*TO DO*. Reproduce precisely the lines of the listing below, starting with the line that contains "(at level 70)." and stopping after the line that contains "Lemma lim_C_spec (s"; include nothing else.

*PROVIDED DATA*.

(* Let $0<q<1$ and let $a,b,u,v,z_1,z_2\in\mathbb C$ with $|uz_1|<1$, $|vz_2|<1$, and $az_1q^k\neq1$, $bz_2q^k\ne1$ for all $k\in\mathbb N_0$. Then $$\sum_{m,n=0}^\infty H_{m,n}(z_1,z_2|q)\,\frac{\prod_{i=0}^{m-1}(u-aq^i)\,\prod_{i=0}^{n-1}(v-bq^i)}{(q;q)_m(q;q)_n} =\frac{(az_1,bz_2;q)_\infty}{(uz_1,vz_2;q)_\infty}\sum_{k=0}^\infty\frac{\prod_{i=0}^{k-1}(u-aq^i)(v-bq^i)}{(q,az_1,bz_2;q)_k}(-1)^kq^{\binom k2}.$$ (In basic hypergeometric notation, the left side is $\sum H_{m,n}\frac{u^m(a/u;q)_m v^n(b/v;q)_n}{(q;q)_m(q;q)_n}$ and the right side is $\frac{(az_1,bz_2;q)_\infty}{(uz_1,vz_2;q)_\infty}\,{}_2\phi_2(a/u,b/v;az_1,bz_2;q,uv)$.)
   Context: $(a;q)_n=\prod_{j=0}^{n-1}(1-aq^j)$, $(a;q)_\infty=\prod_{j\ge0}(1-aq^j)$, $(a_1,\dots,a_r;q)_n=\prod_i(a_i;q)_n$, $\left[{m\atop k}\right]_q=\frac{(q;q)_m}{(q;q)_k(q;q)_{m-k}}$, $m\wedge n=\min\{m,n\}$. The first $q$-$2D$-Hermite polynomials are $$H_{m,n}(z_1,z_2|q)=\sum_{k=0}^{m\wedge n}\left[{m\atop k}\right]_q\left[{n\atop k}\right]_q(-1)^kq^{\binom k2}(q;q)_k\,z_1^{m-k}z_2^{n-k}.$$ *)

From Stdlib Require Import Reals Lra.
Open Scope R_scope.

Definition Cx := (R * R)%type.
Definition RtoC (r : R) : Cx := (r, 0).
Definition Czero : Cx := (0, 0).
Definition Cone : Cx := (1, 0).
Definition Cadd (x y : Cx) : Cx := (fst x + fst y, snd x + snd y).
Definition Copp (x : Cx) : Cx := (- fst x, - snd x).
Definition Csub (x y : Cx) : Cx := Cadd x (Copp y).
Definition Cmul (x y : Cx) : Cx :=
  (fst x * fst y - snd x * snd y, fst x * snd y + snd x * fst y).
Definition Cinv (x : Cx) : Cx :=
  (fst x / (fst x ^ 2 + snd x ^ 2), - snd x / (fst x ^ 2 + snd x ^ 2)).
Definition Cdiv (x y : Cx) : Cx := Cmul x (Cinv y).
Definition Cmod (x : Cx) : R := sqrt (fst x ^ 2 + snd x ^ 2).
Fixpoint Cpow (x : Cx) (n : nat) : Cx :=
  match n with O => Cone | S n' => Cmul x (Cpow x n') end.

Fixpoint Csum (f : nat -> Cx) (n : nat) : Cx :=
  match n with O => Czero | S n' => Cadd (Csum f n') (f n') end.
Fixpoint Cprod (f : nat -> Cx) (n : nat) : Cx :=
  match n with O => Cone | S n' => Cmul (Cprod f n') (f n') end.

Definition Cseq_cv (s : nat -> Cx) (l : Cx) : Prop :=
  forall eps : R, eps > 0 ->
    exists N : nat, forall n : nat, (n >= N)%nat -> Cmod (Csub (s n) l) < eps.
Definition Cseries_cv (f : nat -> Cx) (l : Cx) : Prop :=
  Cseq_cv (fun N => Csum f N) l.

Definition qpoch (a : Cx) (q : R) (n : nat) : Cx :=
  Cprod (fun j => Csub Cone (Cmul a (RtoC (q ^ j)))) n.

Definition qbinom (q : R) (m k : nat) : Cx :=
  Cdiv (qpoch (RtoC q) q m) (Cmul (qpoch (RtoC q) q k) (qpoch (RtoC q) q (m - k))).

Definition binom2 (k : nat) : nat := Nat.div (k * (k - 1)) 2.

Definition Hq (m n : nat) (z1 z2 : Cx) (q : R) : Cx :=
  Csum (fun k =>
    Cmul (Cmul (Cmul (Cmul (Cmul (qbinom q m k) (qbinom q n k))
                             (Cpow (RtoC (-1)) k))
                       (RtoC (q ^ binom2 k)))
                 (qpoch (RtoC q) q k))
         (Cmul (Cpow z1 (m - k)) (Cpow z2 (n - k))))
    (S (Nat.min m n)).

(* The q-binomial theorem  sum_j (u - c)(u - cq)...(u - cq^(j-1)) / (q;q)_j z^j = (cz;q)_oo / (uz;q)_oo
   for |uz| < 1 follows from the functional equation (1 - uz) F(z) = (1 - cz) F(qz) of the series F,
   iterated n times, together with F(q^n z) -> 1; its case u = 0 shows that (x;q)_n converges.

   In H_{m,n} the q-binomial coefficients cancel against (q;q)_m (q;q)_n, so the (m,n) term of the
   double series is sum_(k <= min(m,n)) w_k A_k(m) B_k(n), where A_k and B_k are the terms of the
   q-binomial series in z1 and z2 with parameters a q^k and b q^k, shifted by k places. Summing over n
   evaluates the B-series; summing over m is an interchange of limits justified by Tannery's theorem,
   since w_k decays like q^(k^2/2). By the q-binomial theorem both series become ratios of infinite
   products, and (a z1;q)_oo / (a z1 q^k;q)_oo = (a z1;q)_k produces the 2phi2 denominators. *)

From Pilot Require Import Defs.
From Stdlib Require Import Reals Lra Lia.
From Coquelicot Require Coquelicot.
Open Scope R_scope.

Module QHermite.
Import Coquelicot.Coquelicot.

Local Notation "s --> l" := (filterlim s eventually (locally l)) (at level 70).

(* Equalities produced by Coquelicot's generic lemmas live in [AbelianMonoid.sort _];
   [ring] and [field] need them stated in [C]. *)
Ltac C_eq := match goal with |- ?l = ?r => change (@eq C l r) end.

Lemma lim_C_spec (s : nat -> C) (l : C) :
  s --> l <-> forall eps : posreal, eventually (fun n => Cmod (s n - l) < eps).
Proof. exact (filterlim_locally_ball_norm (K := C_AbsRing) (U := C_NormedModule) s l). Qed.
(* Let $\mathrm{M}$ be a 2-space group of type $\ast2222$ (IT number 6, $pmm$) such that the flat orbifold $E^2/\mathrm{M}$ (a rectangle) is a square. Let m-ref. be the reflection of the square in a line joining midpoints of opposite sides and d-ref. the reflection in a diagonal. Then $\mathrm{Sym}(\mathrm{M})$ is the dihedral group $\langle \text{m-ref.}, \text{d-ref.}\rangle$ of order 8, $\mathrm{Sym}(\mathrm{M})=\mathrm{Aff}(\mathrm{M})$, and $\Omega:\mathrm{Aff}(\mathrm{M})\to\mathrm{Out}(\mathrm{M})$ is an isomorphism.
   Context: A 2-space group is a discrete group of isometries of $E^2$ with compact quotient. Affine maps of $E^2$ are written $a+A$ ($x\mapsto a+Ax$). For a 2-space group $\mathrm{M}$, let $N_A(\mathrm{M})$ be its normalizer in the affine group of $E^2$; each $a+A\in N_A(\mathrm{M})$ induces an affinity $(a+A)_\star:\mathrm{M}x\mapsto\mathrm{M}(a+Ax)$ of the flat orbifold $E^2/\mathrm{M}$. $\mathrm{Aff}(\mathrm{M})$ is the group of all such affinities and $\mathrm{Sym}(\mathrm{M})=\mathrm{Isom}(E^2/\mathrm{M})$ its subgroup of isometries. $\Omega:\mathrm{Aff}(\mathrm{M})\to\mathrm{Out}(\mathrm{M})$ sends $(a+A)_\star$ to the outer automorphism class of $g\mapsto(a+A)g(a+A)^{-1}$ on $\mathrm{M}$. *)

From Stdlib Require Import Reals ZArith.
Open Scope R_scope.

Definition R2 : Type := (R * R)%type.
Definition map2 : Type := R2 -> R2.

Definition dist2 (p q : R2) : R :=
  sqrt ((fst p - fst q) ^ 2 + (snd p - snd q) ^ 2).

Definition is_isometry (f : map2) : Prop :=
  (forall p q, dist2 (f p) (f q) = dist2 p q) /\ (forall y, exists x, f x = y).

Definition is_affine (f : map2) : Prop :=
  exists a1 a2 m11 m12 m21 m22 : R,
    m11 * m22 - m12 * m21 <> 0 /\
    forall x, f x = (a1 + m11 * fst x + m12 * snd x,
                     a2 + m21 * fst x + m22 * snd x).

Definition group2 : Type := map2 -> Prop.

---

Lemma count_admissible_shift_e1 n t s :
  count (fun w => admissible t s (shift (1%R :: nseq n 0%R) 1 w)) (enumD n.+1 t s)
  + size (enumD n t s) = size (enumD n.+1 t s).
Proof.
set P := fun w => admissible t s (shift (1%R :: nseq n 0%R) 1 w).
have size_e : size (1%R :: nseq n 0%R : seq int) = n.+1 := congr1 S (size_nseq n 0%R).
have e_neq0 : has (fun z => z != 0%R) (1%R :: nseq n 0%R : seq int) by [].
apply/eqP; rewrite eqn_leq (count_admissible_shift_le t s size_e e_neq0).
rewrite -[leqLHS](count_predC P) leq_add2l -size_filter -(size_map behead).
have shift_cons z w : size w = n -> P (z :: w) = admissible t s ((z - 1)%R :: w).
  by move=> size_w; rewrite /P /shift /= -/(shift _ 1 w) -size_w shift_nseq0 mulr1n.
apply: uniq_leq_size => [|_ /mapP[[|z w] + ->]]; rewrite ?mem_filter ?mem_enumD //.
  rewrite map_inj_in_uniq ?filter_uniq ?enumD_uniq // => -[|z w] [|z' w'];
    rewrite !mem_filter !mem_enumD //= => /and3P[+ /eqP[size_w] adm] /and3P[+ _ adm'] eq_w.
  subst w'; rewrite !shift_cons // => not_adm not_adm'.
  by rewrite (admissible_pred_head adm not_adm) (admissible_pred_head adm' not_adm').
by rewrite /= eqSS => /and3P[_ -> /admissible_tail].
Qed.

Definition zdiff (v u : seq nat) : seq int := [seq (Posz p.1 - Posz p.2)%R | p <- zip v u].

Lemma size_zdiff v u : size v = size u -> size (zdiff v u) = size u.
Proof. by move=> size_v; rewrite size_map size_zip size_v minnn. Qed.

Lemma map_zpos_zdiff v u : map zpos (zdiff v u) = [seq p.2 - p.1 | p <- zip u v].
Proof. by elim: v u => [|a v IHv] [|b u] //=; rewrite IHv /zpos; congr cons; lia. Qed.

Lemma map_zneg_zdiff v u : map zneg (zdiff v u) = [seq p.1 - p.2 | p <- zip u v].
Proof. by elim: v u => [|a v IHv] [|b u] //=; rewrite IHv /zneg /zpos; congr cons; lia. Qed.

*THE COMPLETED TASK*.
Local Notation "s --> l" := (filterlim s eventually (locally l)) (at level 70).

(* Equalities produced by Coquelicot's generic lemmas live in [AbelianMonoid.sort _];
   [ring] and [field] need them stated in [C]. *)
Ltac C_eq := match goal with |- ?l = ?r => change (@eq C l r) end.

Lemma lim_C_spec (s : nat -> C) (l : C) :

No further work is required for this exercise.